Mindhunter season 3 has been put on indefinite hold by Netflix. David Fincher‘s critically acclaimed crime drama has been thrust into limbo and the cast members have been released from their contracts, on account of the executive producer’s busy schedule with producing the second season of Love, Death and Robots and shooting his upcoming feature film Mank. However, there’s still hope: Mindhunter has not been officially cancelled, as of yet.
TV Line broke the news last night that Netflix has put Mindhunter on indefinite hold while executive producer David Fincher focuses on juggling his other projects. But while hope remains that Mindhunter could come back, the involvement of the current cast is in question, as Netflix let the options of cast members Jonathan Groff, Holt McCallany and Anna Torv expire last month. A Netflix representative didn’t promise the return of Mindhunter but left open the possibility for Fincher to “revisit” the slow-burning psychological thriller series:
“David is focused on directing his first Netflix film Mank and on producing the second season of Love, Death and Robots. He may revisit Mindhunter again in the future, but in the meantime felt it wasn’t fair to the actors to hold them from seeking other work while he was exploring new work of his own.”
Fincher currently executive produces the experimental animated series Love, Death and Robots, which was a long-time passion project for him. The animated series is now in production for its second season. But the filmmaker has juggled multiple TV projects before, why put a stop to Mindhunter now? Per Deadline, Fincher was “not particularly thrilled to do another lengthy location shoot (Mindhunter films in Pittsburgh) and was looking to raise the series’ production value with a bigger budget.” I doubt Netflix, with its endless coffers, would balk at giving an acclaimed series like Mindhunter a bigger budget, even if the series doesn’t have flashy viewership numbers. But it’s likely that Fincher is focusing his attention on Mank, a Neflix biographical drama about the making of Citizen Kane and Fincher’s first film in six years.

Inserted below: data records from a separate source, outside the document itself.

(* Sorting the eigenvalues: order them by decreasing real part, which is a
   total order extending the order on the (real, nonnegative) eigenvalues. *)
Lemma spectral_sort n (A P : 'M[C]_n) (s : 'rV[C]_n) : spectral_decomp A P s ->
  exists P' (s' : 'rV[C]_n), sorted_spectral A P' s'.
Proof.
move=> sA; pose rle (x y : C) := 'Re y <= 'Re x.
have rtot : total rle by move=> x y; rewrite /rle orbC real_leVge ?Creal_Re.
have rtr : transitive rle by move=> x y z h1 h2; apply: le_trans h2 h1.
set t := [tuple s 0 i | i < n].
have /tuple_permP [p pE] : perm_eq (sort rle t) t by rewrite perm_sort.
exists (perm_mx p *m P), (\row_i s 0 (p i)); split; first exact: spectral_perm.
move=> i j ij; rewrite !mxE.
have := sorted_leq_nth rtr (fun x => lexx _) 0 (sort_sorted rtot t).
rewrite size_sort size_tuple => /(_ i j (ltn_ord i) (ltn_ord j) ij).
rewrite pE !nth_mktuple !tnth_mktuple; case: sA => _ s0 _.
by rewrite /rle !(Creal_ReP _ (ger0_real (s0 _))).
Qed.

Lemma psd_sorted_spectral n (A : 'M[C]_n) : psdmx A ->
  exists P (s : 'rV[C]_n), sorted_spectral A P s.
Proof. by move=> /psd_spectral [P [s /spectral_sort]]. Qed.

Lemma char_poly_similar n (Q P D : 'M[C]_n) : Q *m P = 1%:M ->
  char_poly (Q *m D *m P) = char_poly D.
Proof.
move=> QP; rewrite /char_poly /char_poly_mx.
have XE : ('X%:M : 'M[{poly C}]_n) = map_mx polyC Q *m 'X%:M *m map_mx polyC P.
  by rewrite mul_mx_scalar -scalemxAl -map_mxM QP map_mx1 scalemx1.
rewrite [X in X - _]XE !map_mxM -mulmxBl -mulmxBr !det_mulmx mulrC mulrA.
by rewrite [X in X * _]mulrC -det_mulmx -map_mxM QP map_mx1 det1 mul1r.
Qed.

(* eig_dec reads off the eigenvalues of a sorted spectral decomposition:
   both are sorted lists of the roots of the characteristic polynomial. *)
Lemma eig_dec_sorted_spectral n (A P : 'M[C]_n) (s : 'rV[C]_n) :
  sorted_spectral A P s -> eig_dec A = rowseq s.
Proof.
move=> [[Pu s0 AE] sdec].
have hc : char_poly A = \prod_(x <- rowseq s) ('X - x%:P).
  rewrite AE char_poly_similar ?unitarymx_tV // char_poly_trig ?diag_mx_is_trig //.
  by rewrite big_map big_enum /=; apply: eq_bigr => i _; rewrite mxE eqxx mulr1n.
have hs : sorted >=%R (rowseq s).
  rewrite /rowseq sorted_map.
  have : sorted (relpre val ltn) (enum 'I_n).
    by rewrite -sorted_map val_enum_ord iota_ltn_sorted.
  by apply: sub_sorted => i j /= ij; apply: sdec (ltnW ij).
have [es ec] := epsilon_spec (inhabits [::]) (fun e : seq C =>
    sorted >=%R e /\ char_poly A = \prod_(x <- e) ('X - x%:P))
  (ex_intro _ (rowseq s) (conj hs hc)).
apply: sorted_eq es hs _.
- by move=> y x z /= h1 h2; apply: le_trans h2 h1.
- by move=> x y /= /andP[h1 h2]; apply/le_anti; rewrite h1 h2.
- by apply: prod_XsubC_eq; rewrite -ec -hc.
Qed.

End SortedSpectrum.

Section SingularValues.
Variable C : numClosedFieldType.

Lemma amgm (u v s : C) : 0 <= u -> 0 <= v -> 0 <= s ->
  s * (2%:R * (u * v)) <= u ^+ 2 + s ^+ 2 * v ^+ 2.
Proof.
move=> u0 v0 s0; have : 0 <= (u - s * v) ^+ 2.
  by rewrite real_exprn_even_ge0 // rpredB ?ger0_real ?mulr_ge0.
have -> : (u - s * v) ^+ 2 = u ^+ 2 + s ^+ 2 * v ^+ 2 - s * (2%:R * (u * v)) by ring.
by rewrite subr_ge0.
Qed.

Lemma cauchy_schwarz_le n (x y : 'I_n -> C) (s : C) : 0 <= s ->
  \sum_k `|x k| ^+ 2 = s ^+ 2 -> \sum_k `|y k| ^+ 2 <= 1 ->
  \sum_k `|x k| * `|y k| <= s.
Proof.
move=> s0 hx hy; have [sz|snz] := eqVneq s 0.
  move: hx; rewrite sz expr0n /= => /eqP; rewrite psumr_eq0 => [/allP hx|k _]; last first.
    exact: exprn_ge0.
  rewrite big1 // => k _; have := hx k (mem_index_enum _).
  by rewrite expf_eq0 /= => /eqP ->; rewrite mul0r.
have sp : 0 < s by rewrite lt_def snz s0.
have two0 : 0 < 2%:R :> C by rewrite ltr0n.
rewrite -(ler_pM2l sp) -(ler_pM2l two0) mulrCA !mulr_sumr.
apply: (@le_trans _ _ (\sum_k (`|x k| ^+ 2 + s ^+ 2 * `|y k| ^+ 2))).
  by apply: ler_sum => k _; apply: amgm.
rewrite big_split /= hx -mulr_sumr.
have h : s ^+ 2 * \sum_k `|y k| ^+ 2 <= s ^+ 2 by rewrite ler_piMr // exprn_ge0.
by apply: le_trans (lerD (lexx _) h) _; rewrite -expr2 -mulr2n mulr_natl.
Qed.

Lemma gram_diag m n (M : 'M[C]_(m, n)) i : (M *m M ^t*) i i = \sum_k `|M i k| ^+ 2.
Proof. by rewrite mxE; apply: eq_bigr => k _; rewrite !mxE normCK. Qed.

Lemma adj_gram_diag m n (M : 'M[C]_(m, n)) j : (M ^t* *m M) j j = \sum_k `|M k j| ^+ 2.
Proof. by rewrite mxE; apply: eq_bigr => k _; rewrite !mxE normCK mulrC. Qed.

Lemma unitary_row_norm n (M : 'M[C]_n) i : M \is unitarymx ->
  \sum_k `|M i k| ^+ 2 = 1.
Proof. by move=> Mu; rewrite -gram_diag (unitarymxP Mu) mxE eqxx. Qed.

Lemma unitary_col_norm n (M : 'M[C]_n) j : M \is unitarymx ->
  \sum_k `|M k j| ^+ 2 = 1.
Proof. by move=> Mu; rewrite -adj_gram_diag (unitarymx_tV Mu) mxE eqxx. Qed.

(* L has pairwise orthogonal rows, of lengths s_i >= 0; then the s_i are the
   singular values of L, and their sum is the trace norm of L. *)
Definition orthogonal_rows n (L : 'M[C]_n) (s : 'rV[C]_n) :=
  (forall i, 0 <= s 0 i) /\ L *m L ^t* = diag_mx (\row_i (s 0 i * s 0 i)).

Lemma trace_orthogonal_rows_le n (L Q : 'M[C]_n) (s : 'rV[C]_n) :
  orthogonal_rows L s -> (forall i, \sum_k `|Q k i| ^+ 2 <= 1) ->
  `|\tr (L *m Q)| <= \sum_i s 0 i.
Proof.
move=> [s0 LL] Qc; rewrite /mxtrace; apply: le_trans (ler_norm_sum _ _ _) _.
apply: ler_sum => i _; rewrite mxE; apply: le_trans (ler_norm_sum _ _ _) _.
under eq_bigr do rewrite normrM.
by apply: cauchy_schwarz_le => //; rewrite -gram_diag LL !mxE eqxx mulr1n expr2.
Qed.

Lemma trace_diag_sandwich n (G Z N : 'M[C]_n) (a b : 'rV[C]_n) :
  \tr (G *m diag_mx a *m Z *m diag_mx b *m N) =
  \sum_j \sum_k a 0 j * b 0 k * (Z j k * (N *m G) k j).
Proof.
rewrite -!mulmxA mxtrace_mulC -!mulmxA /mxtrace; apply: eq_bigr => j _.
rewrite mul_diag_mx mxE mxE mulr_sumr; apply: eq_bigr => k _.
by rewrite mul_diag_mx !mxE; ring.
Qed.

Mindhunter is one of the best things that Netflix has released, and it would be a shame for the streaming giant to let it fall to the wayside after two perfect seasons. But I don’t know if the series would be as good in the hands of anybody but Fincher. But despite the cast no longer being contracted to Netflix, Deadline reports that “most if not all would be willing to come back for another season but they may be tied to another series.” That’s good, because we all need a little more Anna Torv in our lives.